**EXERCISE DIRECTIONS**
Among the lines below, keep only those from the one containing "Lemma inZp_eq_mod n" through the one containing "Lemma inZp0 n : inZp 0 = 0%R :> 'I_n.+1.", and reproduce them exactly.

══ DATA EXTRACT ══

(* Let $L$ be a positive integer and let $\Lambda$ be a subgroup of $\mathbb{Z}_L^2$. Then there exist unique integers $a,b$ with $a\mid L$, $b\mid L$, and a unique integer $s$ with $0\le s<b$ and $s\in\frac{ab}{\gcd(ab,L)}\mathbb{Z}$, such that $$\Lambda = A\mathbb{Z}_L^2=\begin{pmatrix} a & 0\\ s & b\end{pmatrix}\mathbb{Z}_L^2 .$$
   Context: $\mathbb{Z}_L=\mathbb{Z}/L\mathbb{Z}$. For an integer matrix $A$, $A\mathbb{Z}_L^2=\{Az \bmod L : z\in\mathbb{Z}_L^2\}$ denotes the image of $\mathbb{Z}_L^2$ under multiplication by $A$ with arithmetic modulo $L$. *)

From HB Require Import structures.
From mathcomp Require Import all_boot all_order all_algebra.
Set Implicit Arguments. Unset Strict Implicit. Unset Printing Implicit Defensive.
Import GRing.Theory.
Local Open Scope ring_scope.

(* Z_L is modelled by the ordinal type 'I_L with L = n.+1 (its canonical
   additive group is Z/LZ, valid also for L = 1).  Z_L^2 is 'I_L * 'I_L. *)
Notation ZL2 L := ('I_L * 'I_L)%type.

Definition is_subgroup (n : nat) (Lam : {set ZL2 n.+1}) : Prop :=
  zmod_closed [in Lam].

(* The image [a 0; s b] Z_L^2 = { (a x, s x + b y) mod L : x, y in Z_L }. *)
Definition lower_tri_image (n : nat) (a s b : nat) : {set ZL2 n.+1} :=
  [set (x *+ a, x *+ s + y *+ b) | x : 'I_n.+1, y : 'I_n.+1].

Definition HNF_params (L a b s : nat) : Prop :=
  [/\ (a %| L)%N, (b %| L)%N, (s < b)%N & ((a * b) %/ gcdn (a * b) L %| s)%N].

From mathcomp Require Import all_boot all_algebra.
From mathcomp Require Import zify.
Import GRing.Theory.

(* By Euclidean division inside
   Λ, the least positive first coordinate a of Λ divides every first
   coordinate, and the least positive b with (0, b) ∈ Λ divides every v with
   (0, v) ∈ Λ; reducing a partner of a modulo b gives s, and then Λ = A ℤ_L².
   The condition ab/gcd(ab, L) | s is equivalent to b | (L/a) s, which holds
   because (L/a)·(a, s) = (0, (L/a) s) lies in Λ.  Conversely a, b and s
   satisfy the same divisibility properties for any image A ℤ_L², which pins
   them down. *)

Lemma dvdn_divn_gcd b c s : 0 < c -> (b %/ gcdn b c %| s) = (b %| c * s).
Proof.
move=> c0; have c_dvd : c %| c * s := dvdn_mulr s (dvdnn c).
rewrite -[RHS]andbT -c_dvd -dvdn_lcm /lcmn [b * c]mulnC.
by rewrite -muln_divA ?dvdn_gcdl // dvdn_pmul2l.
Qed.

Lemma dvdn_divn_gcd_mull a b c s : 0 < a -> 0 < c ->
  (a * b %/ gcdn (a * b) (a * c) %| s) = (b %| c * s).
Proof. by move=> a0 c0; rewrite -muln_gcdr divnMl // dvdn_divn_gcd. Qed.

Lemma dvdn_modeq {d L u w} : d %| L -> u = w %[mod L] -> (d %| u) = (d %| w).
Proof.
move=> dL e; rewrite (divn_eq u L) (divn_eq w L) e.
by rewrite !dvdn_addr // dvdn_mull.
Qed.

(* Subtracting (u %/ a) copies of a, with -1 represented by n modulo n.+1. *)
Lemma modn_add_pred_divn n u a : u + n * (u %/ a) * a = u %% a %[mod n.+1].
Proof.
have -> : u + n * (u %/ a) * a = u %/ a * a * n.+1 + u %% a.
  by rewrite {1}(divn_eq u a); move: (u %/ a) (u %% a) => q r; nia.
by rewrite modnMDl.
Qed.

Lemma inZp_eq_mod n u w : inZp u = inZp w :> 'I_n.+1 <-> u = w %[mod n.+1].
Proof. by split=> [/(congr1 val) | e] //; apply: val_inj. Qed.

Lemma inZpD n u v : inZp (u + v) = (inZp u + inZp v)%R :> 'I_n.+1.
Proof. by apply: val_inj => /=; rewrite modnDm. Qed.

Lemma inZp0 n : inZp 0 = 0%R :> 'I_n.+1.
Proof. by apply: val_inj => /=; rewrite mod0n. Qed.

Lemma inZp_mulrn n x k : ((inZp x : 'I_n.+1) *+ k)%R = inZp (x * k).
Proof. by rewrite Zp_mulrn; apply: val_inj => /=; rewrite modnMml. Qed.

Definition lat_mem {n} (Lam : {set ZL2 n.+1}) (u v : nat) : bool :=
  ((inZp u : 'I_n.+1), (inZp v : 'I_n.+1)) \in Lam.

Section SubgroupMembership.
Context {n : nat} {Lam : {set ZL2 n.+1}}.
Local Notation mem := (lat_mem Lam).

Lemma lat_mem_modeq {u v u' v'} : u = u' %[mod n.+1] -> v = v' %[mod n.+1] ->
  mem u v -> mem u' v'.
Proof. by rewrite /lat_mem => /inZp_eq_mod -> /inZp_eq_mod ->. Qed.

Hypothesis Lam_subgroup : is_subgroup Lam.

Lemma lat_mem0 : mem 0 0.
Proof. by case: Lam_subgroup => Lam0 _; rewrite /lat_mem inZp0. Qed.

Lemma lat_memD {u v u' v'} : mem u v -> mem u' v' -> mem (u + u') (v + v').
Proof.
case: Lam_subgroup => Lam0 LamB mem_uv mem_uv'; rewrite /lat_mem !inZpD.
by have := LamB _ _ mem_uv (LamB _ _ Lam0 mem_uv'); rewrite sub0r opprK.
Qed.

Lemma lat_memMn k {u v} : mem u v -> mem (k * u) (k * v).
Proof.
move=> mem_uv; elim: k => [|k IHk]; first by rewrite !mul0n lat_mem0.
by rewrite !mulSn lat_memD.
Qed.

Lemma lat_memB {u v w} : mem u v -> mem u w -> mem 0 (v + n * w).
Proof.
move=> mem_uv mem_uw.
apply: lat_mem_modeq (lat_memD mem_uv (lat_memMn n mem_uw)) => //.
by rewrite -mulSn modnMr mod0n.
Qed.

Lemma lat_memL0 : mem n.+1 0.
Proof. by apply: lat_mem_modeq lat_mem0; rewrite ?modnn. Qed.

Lemma lat_mem0L : mem 0 n.+1.
Proof. by apply: lat_mem_modeq lat_mem0; rewrite ?modnn. Qed.

Lemma lat_mem_modn_fst {u v a t} : mem u v -> mem a t ->
  mem (u %% a) (v + n * (u %/ a) * t).
Proof.
move=> mem_uv mem_at.
apply: lat_mem_modeq (lat_memD mem_uv (lat_memMn _ mem_at)) => //.
exact: modn_add_pred_divn.
Qed.

Lemma lat_mem_modn_snd {u v b} : mem u v -> mem 0 b -> mem u (v %% b).
Proof.
move=> mem_uv mem_0b.
apply: lat_mem_modeq (lat_memD mem_uv (lat_memMn _ mem_0b)).
  by rewrite muln0 addn0.
exact: modn_add_pred_divn.
Qed.

Lemma lat_min_dvdn_fst {a t} : 0 < a -> mem a t ->
    (forall k w, 0 < k -> mem k w -> a <= k) ->
  forall u v, mem u v -> a %| u.
Proof.
move=> a_gt0 mem_at min_a u v mem_uv; apply: contraT; rewrite /dvdn -lt0n.
move=> rem_gt0; have := min_a _ _ rem_gt0 (lat_mem_modn_fst mem_uv mem_at).
by rewrite leqNgt ltn_pmod.
Qed.

Lemma lat_min_dvdn_snd {b} : 0 < b -> mem 0 b ->
    (forall k, 0 < k -> mem 0 k -> b <= k) ->
  forall v, mem 0 v -> b %| v.
Proof.
move=> b_gt0 mem_0b min_b v mem_0v; apply: contraT; rewrite /dvdn -lt0n.
move=> rem_gt0; have := min_b _ rem_gt0 (lat_mem_modn_snd mem_0v mem_0b).
by rewrite leqNgt ltn_pmod.
Qed.

Lemma lat_eq_lower_tri_image a s b : mem a s -> mem 0 b ->
    (forall u v, mem u v -> a %| u) -> (forall v, mem 0 v -> b %| v) ->
  Lam = lower_tri_image n a s b.
Proof.
move=> mem_as mem_0b dvd_fst dvd_snd; apply/setP => -[x y]; apply/idP/idP.
- move=> Lam_xy; have mem_xy : mem x y by rewrite /lat_mem !valZpK.
  have [q x_eq] := dvdnP (dvd_fst _ _ mem_xy).
  have mem_0y : mem 0 (y + n * q * s).
    apply: lat_mem_modeq (lat_memD mem_xy (lat_memMn (n * q) mem_as)) => //.
    by rewrite x_eq -mulnA -mulSn modnMr mod0n.
  have [r y_eq] := dvdnP (dvd_snd _ mem_0y).
  apply/imset2P; exists (inZp q) (inZp r) => //.
  rewrite !inZp_mulrn -inZpD -(valZpK x) -(valZpK y).
  congr pair; apply/inZp_eq_mod; first by rewrite x_eq.
  have -> : q * s + r * b = q * s * n.+1 + y by rewrite -y_eq; nia.
  by rewrite modnMDl.
- case/imset2P=> {}x {}y _ _ ->; rewrite !Zp_mulrn -inZpD.
  have := lat_memD (lat_memMn x mem_as) (lat_memMn y mem_0b).
  by rewrite muln0 addn0.
Qed.

Lemma lat_dvdn_hnf a s b : a %| n.+1 -> mem a s ->
  (forall v, mem 0 v -> b %| v) -> b %| n.+1 %/ a * s.
Proof.
move=> aL mem_as dvd_snd; apply: dvd_snd.
by apply: lat_mem_modeq (lat_memMn (n.+1 %/ a) mem_as); rewrite ?divnK ?modnn.
Qed.

Lemma lower_tri_image_exists :
  exists a b s, HNF_params n.+1 a b s /\ Lam = lower_tri_image n a s b.
Proof.
have exA : exists k, (0 < k) && [exists w : 'I_n.+1, mem k w].
  exists n.+1; apply/andP; split => //; apply/existsP; exists ord0.
  by apply: lat_mem_modeq lat_memL0.
have [a /andP[a_gt0 /existsP[t mem_at]] min_a] := ex_minnP exA.
have exB : exists k, (0 < k) && mem 0 k by exists n.+1; rewrite lat_mem0L.
have [b /andP[b_gt0 mem_0b] min_b] := ex_minnP exB.
have dvd_fst : forall u v, mem u v -> a %| u.
  apply: (lat_min_dvdn_fst a_gt0 mem_at) => k w k_gt0 mem_kw.
  apply: min_a; rewrite k_gt0; apply/existsP; exists (inZp w).
  by apply: lat_mem_modeq mem_kw; rewrite ?modn_mod.
have dvd_snd : forall v, mem 0 v -> b %| v.
  apply: lat_min_dvdn_snd b_gt0 mem_0b _ => k k_gt0 mem_0k.
  by apply: min_b; rewrite k_gt0.
have aL : a %| n.+1 := dvd_fst _ _ lat_memL0.
move: (t %% b) (lat_mem_modn_snd mem_at mem_0b) (ltn_pmod t b_gt0).
move=> s mem_as s_lt_b {t mem_at}.
exists a, b, s; split; last exact: lat_eq_lower_tri_image.
split; rewrite ?(dvd_snd _ lat_mem0L) //.
have L_eq : n.+1 = a * (n.+1 %/ a) by rewrite mulnC divnK.
rewrite {1}L_eq dvdn_divn_gcd_mull //; last by rewrite divn_gt0 // dvdn_leq.
exact: lat_dvdn_hnf aL mem_as dvd_snd.
Qed.

End SubgroupMembership.

Section LowerTriImage.
Context {n a s b : nat}.
Local Notation T := (lower_tri_image n a s b).

Lemma lat_mem_lower_tri_image x y : lat_mem T (x * a) (x * s + y * b).
Proof.
by apply/imset2P; exists (inZp x) (inZp y); rewrite // !inZp_mulrn inZpD.
Qed.

Lemma lat_mem_lower_tri_imageP u v : lat_mem T u v ->
  exists x y, u = x * a %[mod n.+1] /\ v = x * s + y * b %[mod n.+1].
Proof.
case/imset2P=> x y _ _ /pair_equal_spec[u_eq v_eq].
rewrite Zp_mulrn in u_eq; rewrite !Zp_mulrn -inZpD in v_eq.
by exists x, y; split; apply/inZp_eq_mod.
Qed.

Lemma lower_tri_image_subgroup : is_subgroup T.
Proof.
split; first by apply/imset2P; exists 0%R 0%R; rewrite ?mul0rn ?addr0.
move=> _ _ /imset2P[x1 y1 _ _ ->] /imset2P[x2 y2 _ _ ->].
apply/imset2P; exists (x1 - x2)%R (y1 - y2)%R => //.
by apply: injective_projections; rewrite /= !mulrnBl // opprD addrACA.
Qed.

Hypothesis params : HNF_params n.+1 a b s.

Lemma lower_tri_image_dvdn_fst u v : lat_mem T u v -> a %| u.
Proof.
case: params => aL _ _ _ /lat_mem_lower_tri_imageP[x [y [u_eq _]]].
by rewrite (dvdn_modeq aL u_eq) dvdn_mull.
Qed.

(* (0, v) = (x a, x s + y b) forces L/a | x, and b | (L/a) s is the
   divisibility condition on s. *)
Lemma lower_tri_image_dvdn_snd v : lat_mem T 0 v -> b %| v.
Proof.
case: params => aL bL s_lt_b hnf /lat_mem_lower_tri_imageP[x [y [x_eq v_eq]]].
have a_gt0 : 0 < a := dvdn_gt0 (ltn0Sn n) aL.
have L_eq : n.+1 = a * (n.+1 %/ a) by rewrite mulnC divnK.
have c_dvd_x : n.+1 %/ a %| x.
  by rewrite -(dvdn_pmul2r a_gt0) divnK // /dvdn -x_eq mod0n.
have c_gt0 : 0 < n.+1 %/ a by rewrite divn_gt0 // dvdn_leq.
move: hnf; rewrite {1}L_eq dvdn_divn_gcd_mull // => b_dvd_cs.
have b_dvd_xs : b %| x * s.
  by have [k ->] := dvdnP c_dvd_x; rewrite -mulnA dvdn_mull.
by rewrite (dvdn_modeq bL v_eq) dvdn_add // dvdn_mull.
Qed.

End LowerTriImage.

Lemma lower_tri_image_dvdn {n a b s a' b' s'} :
    HNF_params n.+1 a b s -> HNF_params n.+1 a' b' s' ->
    lower_tri_image n a s b = lower_tri_image n a' s' b' ->
  a %| a' /\ b %| b'.
Proof.
move=> params params' im_eq; split.
- have := @lat_mem_lower_tri_image n a' s' b' 1 0.
  by rewrite -im_eq => /(lower_tri_image_dvdn_fst params); rewrite mul1n.
- have := @lat_mem_lower_tri_image n a' s' b' 0 1.
  by rewrite -im_eq !mul0n !mul1n => /(lower_tri_image_dvdn_snd params).
Qed.

Lemma lower_tri_image_inj {n a b s a' b' s'} :
    HNF_params n.+1 a b s -> HNF_params n.+1 a' b' s' ->
    lower_tri_image n a s b = lower_tri_image n a' s' b' ->
  [/\ a' = a, b' = b & s' = s].
Proof.
move=> params params' im_eq.
have [a_dvd b_dvd] := lower_tri_image_dvdn params params' im_eq.
have [a'_dvd b'_dvd] := lower_tri_image_dvdn params' params (esym im_eq).
have ea : a' = a by apply/eqP; rewrite eqn_dvd a_dvd a'_dvd.
have eb : b' = b by apply/eqP; rewrite eqn_dvd b_dvd b'_dvd.
subst a' b'; split=> //.
have mem_as := @lat_mem_lower_tri_image n a s b 1 0.
have mem_as' := @lat_mem_lower_tri_image n a s' b 1 0.
rewrite mul0n !mul1n !addn0 -im_eq in mem_as mem_as'.
(* (a, s') - (a, s) lies in the image, so b | s' - s with both below b. *)
have := lat_memB lower_tri_image_subgroup mem_as' mem_as.
move=> /(lower_tri_image_dvdn_snd params) /dvdnP[k dvd_eq].
case: params params' => _ /dvdnP[c L_eq] s_lt_b _ [_ _ s'_lt_b _].
have : s' + c * s * b = k * b + s by nia.
move/(congr1 (modn^~ b)); rewrite [s' + _]addnC !modnMDl.
by rewrite !modn_small.
Qed.

Theorem proposition2p1 (n : nat) (Lam : {set ('I_n.+1 * 'I_n.+1)%type}) :
  is_subgroup Lam ->
  exists a b s : nat,
    [/\ HNF_params n.+1 a b s, Lam = lower_tri_image n a s b &
        forall a' b' s' : nat,
          HNF_params n.+1 a' b' s' -> Lam = lower_tri_image n a' s' b' ->
          [/\ a' = a, b' = b & s' = s]].
Proof.
move=> Lam_subgroup.
have [a [b [s [params Lam_eq]]]] := lower_tri_image_exists Lam_subgroup.
exists a, b, s; split=> // a' b' s' params' Lam_eq'.
by apply: lower_tri_image_inj params params' _; rewrite -Lam_eq.
Qed.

═══

**ANSWER TO THE EXERCISE**
Lemma inZp_eq_mod n u w : inZp u = inZp w :> 'I_n.+1 <-> u = w %[mod n.+1].
Proof. by split=> [/(congr1 val) | e] //; apply: val_inj. Qed.

Lemma inZpD n u v : inZp (u + v) = (inZp u + inZp v)%R :> 'I_n.+1.
Proof. by apply: val_inj => /=; rewrite modnDm. Qed.

Lemma inZp0 n : inZp 0 = 0%R :> 'I_n.+1.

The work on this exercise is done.